Il Regno Unito resterà nell’Unione Europea, alla Casa Bianca siede Hillary Clinton. E’ evidentemente questo il favoloso mondo di Emmanuel, quello in cui da lunedì vivono analisti, commentatori, operatori di borsa e mercati.
L’esultanza per il primo posto alle elezioni presidenziali francesi di Macron, “prodotto” dei Rothschild e confezionato per l’occasione da campagne mediatiche assolutamente efficaci, sembra aver fatto dimenticare in poche ore gli affanni in cui versa il Continente e, più in generale, la precarietà degli equilibri socioeconomici occidentali. E’ bastato un volto pulito, completamente inespressivo e – almeno ai miei occhi – incapace di provare un brivido di emozione, per dimenticarsi la polveriera sociale in cui l’Europa si è trasformata nell’ultimo decennio.
E’ un tipico esempio di dissonanza cognitiva collettiva (la stessa che assicurò a Renzi il 40% alle Europee, con gli esiti che conosciamo): non accettiamo cioè che le cose disattendano i nostri incontestabili principi, quindi rifugiamo sbigottimento e speranze nell’ennesima immagine plastificata capace di rassicurarci e, apparentemente, di rimuovere del problema.
Ma, come scrissi nel lontano 2012 in uno dei miei primi e più profetici post, “i popoli (categoria assolutamente “empirica” e che si farebbe bene a non snobbare) non staranno zitti a guardare una seconda volta. Il sanguinoso dualismo che si sta prospettando all’orizzonte non è più tra Destra e Sinistra – categorie sepolte dalla Storia e facenti oggi parte di un’unica poltiglia ideologica, unicamente finalizzata a preservarne gli illegittimi interessi accumulati sin qui – ma è tra nuove forme di localismo e un furioso progetto di pancontinentalismo mercantile che, senza alcun rispetto per le specificità territoriali, sta tentando di diluire la bandiera della Comunità nel solvente chimico dell’Economia”.
Ci ostiniamo ad applicare le categorie del passato ai nuovi (e immani) problemi del presente. Le ricette del “più Europa”, “più lavoro”, “più crescita” è paccottiglia ideologica per nostalgici impenitenti. Ma mi rendo conto che non sia facile, per chi è segregato in quelle che da sempre definisco come “prigioni di comfort”, immaginare qualcosa di diverso.
Se si vuole riconquistare la fiducia del popolo, le soluzioni devono essere diametralmente capovolte: meno Europa, meno lavoro, meno crescita. Le vacche grasse sono tutte morte. Accettiamolo. Tentare di defibrillarle con un Macron qualsiasi non fa altro che rimandare il problema, senza risolverlo e anzi amplificandolo. Prima ci renderemo conto di questo, prima riusciremo forse a voltare pagina senza troppi traumi.

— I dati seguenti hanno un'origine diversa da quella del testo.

(* v in R^{K+1}; slot j (0-indexed) of v is v_{j+1} of the paper:
   slots 0..K-1 for the users, slot K (= ord_max) for the multicast message *)
Definition wv (v : 'cV[R]_K.+1) (k : 'I_K.+1) : R :=
  v k ord0 ^+ 2 / \sum_(i < K.+1) v i ord0 ^+ 2.

Definition uslot (j : 'I_K) : 'I_K.+1 := widen_ord (leqnSn K) j.

Definition Cu (f : 'cV[C]_dimn) (v : 'cV[R]_K.+1) (j : 'I_K) : R :=
  wv v (uslot j) * Ssm f.
Definition Cmc (f : 'cV[C]_dimn) (v : 'cV[R]_K.+1) : R := wv v ord_max * Ssm f.

Definition obj (f : 'cV[C]_dimn) (v : 'cV[R]_K.+1) : R :=
  \sum_(j < K) (Rtgt s j - Rpb j f - Cu f v j) ^+ 2
  + etamc s * (Rtmc s - Cmc f v) ^+ 2.

Definition lam_num (f : 'cV[C]_dimn) (v : 'cV[R]_K.+1) : R :=
  \prod_(j < K) expR (- (Rtgt s j - Rpb j f - Cu f v j) ^+ 2).
Definition lam_den (f : 'cV[C]_dimn) (v : 'cV[R]_K.+1) : R :=
  expR (etamc s * (Rtmc s - Cmc f v) ^+ 2).
Definition lam (f : 'cV[C]_dimn) (v : 'cV[R]_K.+1) : R := lam_num f v / lam_den f v.

Definition Amat (f : 'cV[C]_dimn) (v : 'cV[R]_K.+1) : 'M[C]_dimn :=
  rC (lam_num f v) *:
  (\sum_(j < K)
     (rC (Rtgt s j) *: (rC (qf (Ap j) f)^-1 *: Ap j + rC (wv v (uslot j)) *: LA f)
      + rC (Rpb j f / qf (Bp j) f) *: Bp j
      + rC (wv v (uslot j) * Cu f v j) *: LB f
      + rC (wv v (uslot j) * Rpb j f) *: LB f
      + rC (Cu f v j / qf (Bp j) f) *: Bp j)
   + rC (etamc s) *: (rC (Rtmc s * wv v ord_max) *: LA f
                      + rC (wv v ord_max * Cmc f v) *: LB f)).

Definition Bmat (f : 'cV[C]_dimn) (v : 'cV[R]_K.+1) : 'M[C]_dimn :=
  rC (lam_den f v) *:
  (\sum_(j < K)
     (rC (Rtgt s j) *: (rC (qf (Bp j) f)^-1 *: Bp j + rC (wv v (uslot j)) *: LB f)
      + rC (Rpb j f / qf (Ap j) f) *: Ap j
      + rC (wv v (uslot j) * Cu f v j) *: LA f
      + rC (wv v (uslot j) * Rpb j f) *: LA f
      + rC (Cu f v j / qf (Ap j) f) *: Ap j)
   + rC (etamc s) *: (rC (Rtmc s * wv v ord_max) *: LB f
                      + rC (wv v ord_max * Cmc f v) *: LA f)).

End Defs.

(* Wirtinger gradient with respect to the conjugate of z, for a real-valued
   function g on C^m:  (dg/dz_k^* ) = 1/2 (dg/dx_k + i dg/dy_k), z_k = x_k + i y_k,
   the real partial derivatives being taken with derive1. *)
Definition wgrad (R : realType) (m : nat) (g : 'cV[R[i]]_m -> R)
    (z : 'cV[R[i]]_m) : 'cV[R[i]]_m :=
  \col_(k < m)
    Complex (2^-1 * derive1 (fun t : R => g (z + Complex t 0 *: delta_mx k ord0)) 0)
            (2^-1 * derive1 (fun t : R => g (z + Complex 0 t *: delta_mx k ord0)) 0).

(* Along a real line [t |-> f + t d], a Hermitian form [f^H M f] is a quadratic
   polynomial in [t] with derivative [2 Re (d^H M f)] at [0].  Every rate is the
   [log2] of a ratio of such forms, with positive definite denominators thanks to
   the noise, and the objective is a sum of squared residuals of rates and of the
   smoothed minimum, so the chain rule gives its derivative along [d] as
   [-(2 / ln 2) * 2 Re (d^H (A' - B') f)] with [A = lam_num A'] and
   [B = lam_den B']: the two matrices are built so that each squared residual
   contributes "residual times the gradient of its rate" to [A' - B'].  Taking
   [d = e_k] and [d = i e_k] shows that the Wirtinger gradient is a nonzero
   multiple of [(A' - B') f], and as [B] is invertible and [lam_num, lam_den > 0],
   [(A' - B') f = 0] is equivalent to [B^-1 A f = (lam_num / lam_den) f]. *)

From HB Require Import structures.
From mathcomp Require Import all_boot all_order all_algebra.
From mathcomp Require Import all_classical all_reals all_analysis.
From mathcomp Require Import complex.
From mathcomp Require Import ring.
Import Order.TTheory GRing.Theory Num.Theory.
Local Open Scope ring_scope.

Section PointwiseDerive.
Context {R : realType}.

Lemma is_derive_cstf (c x : R) : is_derive x 1 (fun=> c) 0.
Proof. exact: is_derive_cst. Qed.

Lemma is_derive_idf (x : R) : is_derive x 1 (fun t => t) 1.
Proof. exact: is_derive_id. Qed.

Lemma is_deriveDf {g h : R -> R} {x a b : R} :
  is_derive x 1 g a -> is_derive x 1 h b ->
  is_derive x 1 (fun t => g t + h t) (a + b).
Proof. by move=> ga hb; exact: (@is_deriveD _ _ _ g h). Qed.

Lemma is_deriveNf {g : R -> R} {x a : R} :
  is_derive x 1 g a -> is_derive x 1 (fun t => - g t) (- a).
Proof. by move=> ga; exact: (@is_deriveN _ _ _ g). Qed.

Lemma is_deriveBf {g h : R -> R} {x a b : R} :
  is_derive x 1 g a -> is_derive x 1 h b ->
  is_derive x 1 (fun t => g t - h t) (a - b).
Proof. by move=> ga hb; apply: is_deriveDf => //; exact: is_deriveNf. Qed.

Lemma is_deriveMf {g h : R -> R} {x a b : R} :
  is_derive x 1 g a -> is_derive x 1 h b ->
  is_derive x 1 (fun t => g t * h t) (g x * b + h x * a).
Proof. by move=> ga hb; exact: (@is_deriveM _ _ g h). Qed.

Lemma is_deriveVf {g : R -> R} {x a : R} : g x != 0 -> is_derive x 1 g a ->
  is_derive x 1 (fun t => (g t)^-1) (- a / g x ^+ 2).
Proof.
move=> gx0 ga; apply: is_derive_eq (is_deriveV gx0 ga) _.
by change (- (g x) ^- 2 * a = - a / g x ^+ 2); ring.
Qed.

Lemma is_derive_lnf {g : R -> R} {x a : R} : 0 < g x -> is_derive x 1 g a ->
  is_derive x 1 (fun t => ln (g t)) (a / g x).
Proof.
move=> gx0 ga; apply: is_derive_eq (is_derive1_comp (is_derive1_ln gx0) ga) _.
by rewrite mulrC.
Qed.

Lemma is_derive_expRf {g : R -> R} {x a : R} : is_derive x 1 g a ->
  is_derive x 1 (fun t => expR (g t)) (expR (g x) * a).
Proof. by move=> ga; exact: (is_derive1_comp (is_derive_expR (g x)) ga). Qed.

Lemma is_derive_sumf {n} {G : 'I_n -> R -> R} {x : R} {dG : 'I_n -> R} :
  (forall i, is_derive x 1 (G i) (dG i)) ->
  is_derive x 1 (fun t => \sum_(i < n) G i t) (\sum_(i < n) dG i).
Proof.
move=> hG; have := is_derive_sum hG.
have -> // : \sum_(i < n) G i = (fun t => \sum_(i < n) G i t).
by apply: funext => t; rewrite fct_sumE.
Qed.

Lemma is_derive_sqrf {g : R -> R} {x a : R} : is_derive x 1 g a ->
  is_derive x 1 (fun t => g t ^+ 2) (2 * g x * a).
Proof.
by move=> ga; apply: is_derive_eq (is_deriveMf ga ga) _; ring.
Qed.

End PointwiseDerive.

Section ComplexFacts.
Context {R : realType}.
Local Notation C := R[i].
Local Notation Re := (@complex.Re R).
Local Notation Im := (@complex.Im R).

Lemma ReD (x y : C) : Re (x + y) = Re x + Re y. Proof. by case: x; case: y. Qed.

Lemma ReB (x y : C) : Re (x - y) = Re x - Re y. Proof. by case: x; case: y. Qed.

Lemma Re_sum n (F : 'I_n -> C) : Re (\sum_(i < n) F i) = \sum_(i < n) Re (F i).
Proof. exact: (big_morph _ ReD). Qed.

Lemma Re_rCM (t : R) (z : C) : Re (rC t * z) = t * Re z.
Proof. by case: z => a b /=; ring. Qed.

Lemma Re_conjc (z : C) : Re (conjc z) = Re z. Proof. by case: z. Qed.

Lemma conjc_rC (t : R) : conjc (rC t) = rC t. Proof. exact: conjc_real. Qed.

Lemma rCM (x y : R) : rC (x * y) = rC x * rC y.
Proof. by rewrite /rC /=; congr Complex; ring. Qed.

Lemma rC_eq0 (x : R) : (rC x == 0) = (x == 0).
Proof. by rewrite /rC eq_complex /= eqxx andbT. Qed.

Lemma Re_conjcM (z : C) : Re (conjc z * z) = Re z ^+ 2 + Im z ^+ 2.
Proof. by case: z => a b /=; ring. Qed.

Lemma Re_conjcM_ge0 (z : C) : 0 <= Re (conjc z * z).
Proof. by rewrite Re_conjcM addr_ge0 ?sqr_ge0. Qed.

Lemma Re_conjcM_gt0 (z : C) : z != 0 -> 0 < Re (conjc z * z).
Proof.
case: z => a b nz; rewrite Re_conjcM /=.
have [a0|a0] := eqVneq a 0.
  have b0 : b != 0 by apply: contra nz => /eqP ->; rewrite a0.
  by rewrite ltr_wpDl ?sqr_ge0 // exprn_even_gt0 // b0 orbT.
by rewrite ltr_wpDr ?sqr_ge0 // exprn_even_gt0 // a0 orbT.
Qed.

End ComplexFacts.

Section ConjTranspose.
Context {R : realType}.
Local Notation C := R[i].

Lemma ctrE p q (A : 'M[C]_(p, q)) i j : ctr A i j = conjc (A j i).
Proof. by rewrite !mxE. Qed.

Lemma ctr0 p q : ctr (0 : 'M[C]_(p, q)) = 0.
Proof. by apply/matrixP => i j; rewrite ctrE !mxE conjc0. Qed.

Lemma ctrD p q (A B : 'M[C]_(p, q)) : ctr (A + B) = ctr A + ctr B.
Proof. by rewrite /ctr map_mxD linearD. Qed.

Lemma ctrZ p q (c : C) (A : 'M[C]_(p, q)) : ctr (c *: A) = conjc c *: ctr A.
Proof. by rewrite /ctr map_mxZ linearZ. Qed.

Lemma ctr_mul p q r (A : 'M[C]_(p, q)) (B : 'M[C]_(q, r)) :
  ctr (A *m B) = ctr B *m ctr A.
Proof. by rewrite /ctr map_mxM trmx_mul. Qed.

Lemma ctrK p q (A : 'M[C]_(p, q)) : ctr (ctr A) = A.
Proof. by apply/matrixP => i j; rewrite !ctrE conjcK. Qed.

Lemma ctr_scalar_rC p (t : R) : ctr ((rC t)%:M : 'M[C]_p) = (rC t)%:M.
Proof.
apply/matrixP => i j; rewrite ctrE !mxE eq_sym.
by case: eqP => _; rewrite ?mulr1n ?mulr0n ?conjc_rC ?conjc0.
Qed.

L’alternativa che si sta prepotentemente affermando in tutto l’Occidente – ripeto – non è più tra le protocategorie di Destra e di Sinistra, ma tra un orientamento filoglobalista e uno filocomunitario. In questo senso, la start-up “En marche!” ci ha indubbiamente preso, emancipandosi da ogni etichetta del passato, e scegliendo evidentemente di intercettare le fasce di popolazione mediamente agiate che, credendo ancora nelle formule magiche del modello culturale a trazione neoliberista (e avendo certamente qualche orticello da difendere), promettono l’improbabile continuità con gli antichi fasti.
E’ quindi soprattutto a loro che dedico questa tabella (dall’ultimo Eurobarometer, novembre 2016). La domanda che viene posta è: in generale, l’Unione Europea ti trasmette un’immagine positiva (molto/abbastanza), negativa (molto/abbastanza) o neutra?
Ho lasciato i numeri della media europea e della Francia. Vi invito a soffermarvi su due dettagli.
Primo: rispetto al 25% della media europea, il 31% dei francesi risponde “negativa”. Secondo: mentre, tra la primavera e l’autunno del 2016, in tutta Europa i pareri negativi sono calati (-2%), la Francia è uno dei tre paesi (insieme a Svezia e Italia) in cui i pareri negativi sono invece aumentati (+2%). Intendentibus pauca.
Nonostante questo, Macron probabilmente vincerà (perché alla Casa Bianca siede la Clinton). Nonostante questo, le vacche non resusciteranno.